以前に書かれた光太郎や智恵子の評伝類では、明治45年(1912)頃、智恵子に二本松の医師・寺田三郎との縁談が持ち上がり、光太郎はそれを受けて詩「人に」(原題「N――女史に」)で「いやなんです あなたのいつてしまふのが――」「小鳥のやうに臆病で 大風のやうにわがままな あなたがお嫁にゆくなんて」と謳い、それを読んだ智恵子が、実家に帰ってすったもんだの末に縁談の破棄を認めさせ、光太郎の元に走った(光太郎が滞在していた犬吠埼まで追いかけていった)とされています。

ところが最近、この年には寺田は既に妻帯しており、子まで為していたということが明らかになりました。どうも関係者の記憶違いがあったようです。おそらく、寺田との縁談は確かにあったのでしょうが、もっと前。しかし光太郎が「小鳥のやうに臆病で 大風のやうにわがままな あなたがお嫁にゆくなんて」と謳ったのは、間違いなくこの年ですので、他の縁談があったのか、それとももしかすると、煮え切らない光太郎に対して智恵子が「嫁に行く」と嘘をついたのかも知れません。そうだとすると、光太郎、まんまと智恵子の手練手管にはまったわけですね(笑)。しかし、今となっては真相は闇の中です。

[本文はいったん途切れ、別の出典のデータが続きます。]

(* Let $M\in\mathbb{R}_+^{p\times q}$ be a slack matrix of a polyhedral cone, let $k=\operatorname{rank}(M)$, and let $M=AB$ with $A\in\mathbb{R}^{p\times k}$, $B\in\mathbb{R}^{k\times q}$, $\operatorname{rank}(A)=\operatorname{rank}(B)=k$. Let $K\subseteq\mathbb{R}^k$ be the cone generated by the rows of $A$. Then $K=\{x\in\mathbb{R}^k : x^TB\ge 0\}$, i.e., the columns of $B$ form an $\mathcal{H}$-representation of $K$. In particular, $M$ is a slack matrix of $K$.
   Context: A matrix $S\in\mathbb{R}^{p\times q}$ is a slack matrix of a polyhedral cone $K\subseteq\mathbb{R}^n$ if there are matrices $A\in\mathbb{R}^{p\times n}$ and $B\in\mathbb{R}^{n\times q}$ with $K=\{x\in\mathbb{R}^n: x^TB\ge 0\}=\{y^TA: y\in\mathbb{R}_+^p\}$ (the columns of $B$ form an $\mathcal{H}$-representation, the rows of $A$ a $\mathcal{V}$-representation of $K$) and $S=AB$. A matrix is a slack matrix of a polyhedral cone if it is a slack matrix of some polyhedral cone. *)

From HB Require Import structures.
From mathcomp Require Import all_boot all_order all_algebra.
From mathcomp Require Import reals.
Set Implicit Arguments. Unset Strict Implicit. Unset Printing Implicit Defensive.
Import Order.TTheory GRing.Theory Num.Theory.
Local Open Scope ring_scope.

Definition hcone (R : realType) (n q : nat) (B : 'M[R]_(n, q)) : 'rV[R]_n -> Prop :=
  fun x => forall j : 'I_q, 0 <= (x *m B) 0 j.

Definition vcone (R : realType) (p n : nat) (A : 'M[R]_(p, n)) : 'rV[R]_n -> Prop :=
  fun x => exists y : 'rV[R]_p, (forall i : 'I_p, 0 <= y 0 i) /\ x = y *m A.

Definition slack_matrix_of (R : realType) (n p q : nat)
    (K : 'rV[R]_n -> Prop) (S : 'M[R]_(p, q)) : Prop :=
  exists (A : 'M[R]_(p, n)) (B : 'M[R]_(n, q)),
    (forall x, K x <-> hcone B x) /\ (forall x, K x <-> vcone A x) /\ S = A *m B.

Definition is_slack_matrix (R : realType) (p q : nat) (S : 'M[R]_(p, q)) : Prop :=
  exists n : nat, exists K : 'rV[R]_n -> Prop, slack_matrix_of K S.

From HB Require Import structures.
From mathcomp Require Import all_boot all_order all_algebra.
From mathcomp Require Import reals.
Import Order.TTheory GRing.Theory Num.Theory.
Local Open Scope ring_scope.

(* Since M = A B has rank k and B has k rows, the row spaces of B and M agree.
   So for x with x B >= 0, the vector x B is a nonnegative vector in the row
   space of the slack matrix M; such vectors are nonnegative combinations y M
   of the rows of M (apply the two representations of the underlying cone).
   Then x B = y A B, and B being row free gives x = y A. The converse
   inclusion only uses that A B is entrywise nonnegative. *)

Lemma submx_mulmx_rank (F : fieldType) (p k q : nat)
    (A : 'M[F]_(p, k)) (B : 'M[F]_(k, q)) :
  (\rank B <= \rank (A *m B))%N -> (B <= A *m B)%MS.
Proof.
by move=> rkB; rewrite -(mxrank_leqif_sup (submxMl A B)).2 eqn_leq mxrankM_maxr.
Qed.

Section Cones.

Variable R : realType.

Lemma vcone_sub_hcone (p k q : nat) (A : 'M[R]_(p, k)) (B : 'M[R]_(k, q)) :
  (forall i j, 0 <= (A *m B) i j) -> forall x, vcone A x -> hcone B x.
Proof.
move=> ABge0 x [y [yge0 ->]] j; rewrite -mulmxA mxE.
by apply: sumr_ge0 => i _; apply: mulr_ge0.
Qed.

Lemma slack_rowspace_ge0_vcone (p q : nat) (M : 'M[R]_(p, q)) (w : 'rV[R]_q) :
  is_slack_matrix M -> (w <= M)%MS -> (forall j, 0 <= w 0 j) -> vcone M w.
Proof.
move=> [n [K [A [B [KH [KV ->]]]]]] /submxP[z ->] wge0.
have /KV[y [yge0 EzA]] : K (z *m A) by apply/KH => j; rewrite -mulmxA.
by exists y; split; rewrite // !mulmxA EzA.
Qed.

Lemma hcone_sub_vcone (p k q : nat) (A : 'M[R]_(p, k)) (B : 'M[R]_(k, q)) :
  is_slack_matrix (A *m B) -> \rank B = k -> \rank (A *m B) = k ->
  forall x, hcone B x -> vcone A x.
Proof.
move=> slackAB rkB rkAB x xB_ge0.
have BAB : (B <= A *m B)%MS by rewrite submx_mulmx_rank // rkB rkAB.
have [y [yge0 ExB]] : vcone (A *m B) (x *m B).
  by apply: slack_rowspace_ge0_vcone => //; apply: submx_trans BAB; exact: submxMl.
exists y; split => //.
have freeB : row_free B by rewrite /row_free rkB.
by apply: (row_free_inj freeB); rewrite /= ExB mulmxA.
Qed.

End Cones.

Theorem lemma2p5 (R : realType) (p q k : nat) (M : 'M[R]_(p, q))
    (A : 'M[R]_(p, k)) (B : 'M[R]_(k, q)) :
  (forall i j, 0 <= M i j) ->
  is_slack_matrix M ->
  k = \rank M ->
  M = A *m B ->
  \rank A = k ->
  \rank B = k ->
  (forall x : 'rV[R]_k, vcone A x <-> hcone B x) /\
  slack_matrix_of (vcone A) M.
Proof.
move=> Mge0 slackM rkM EM _ rkB; subst M.
have vcone_hcone : forall x, vcone A x <-> hcone B x.
  move=> x; split; first exact: vcone_sub_hcone.
  exact: hcone_sub_vcone.
split=> //; exists A, B.
by split=> //; split.
Qed.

というわけで、智恵子生家/智恵子記念館、コロナ感染には十分お気を付けつつ、ぜひ足をお運び下さい。

【折々のことば・光太郎】

NHKの録音班三人くる、30分第一回分を吹込、これは20日の事、

昭和29年(1954)4月10日の日記より 光太郎72歳

ラジオ連続講座「美の世界」の収録です。2回に分けての放送で、初回が「破壊と美」、第2回が「都市美について」の副題でした。残念ながらこの録音はNHKさんに残っていないようです。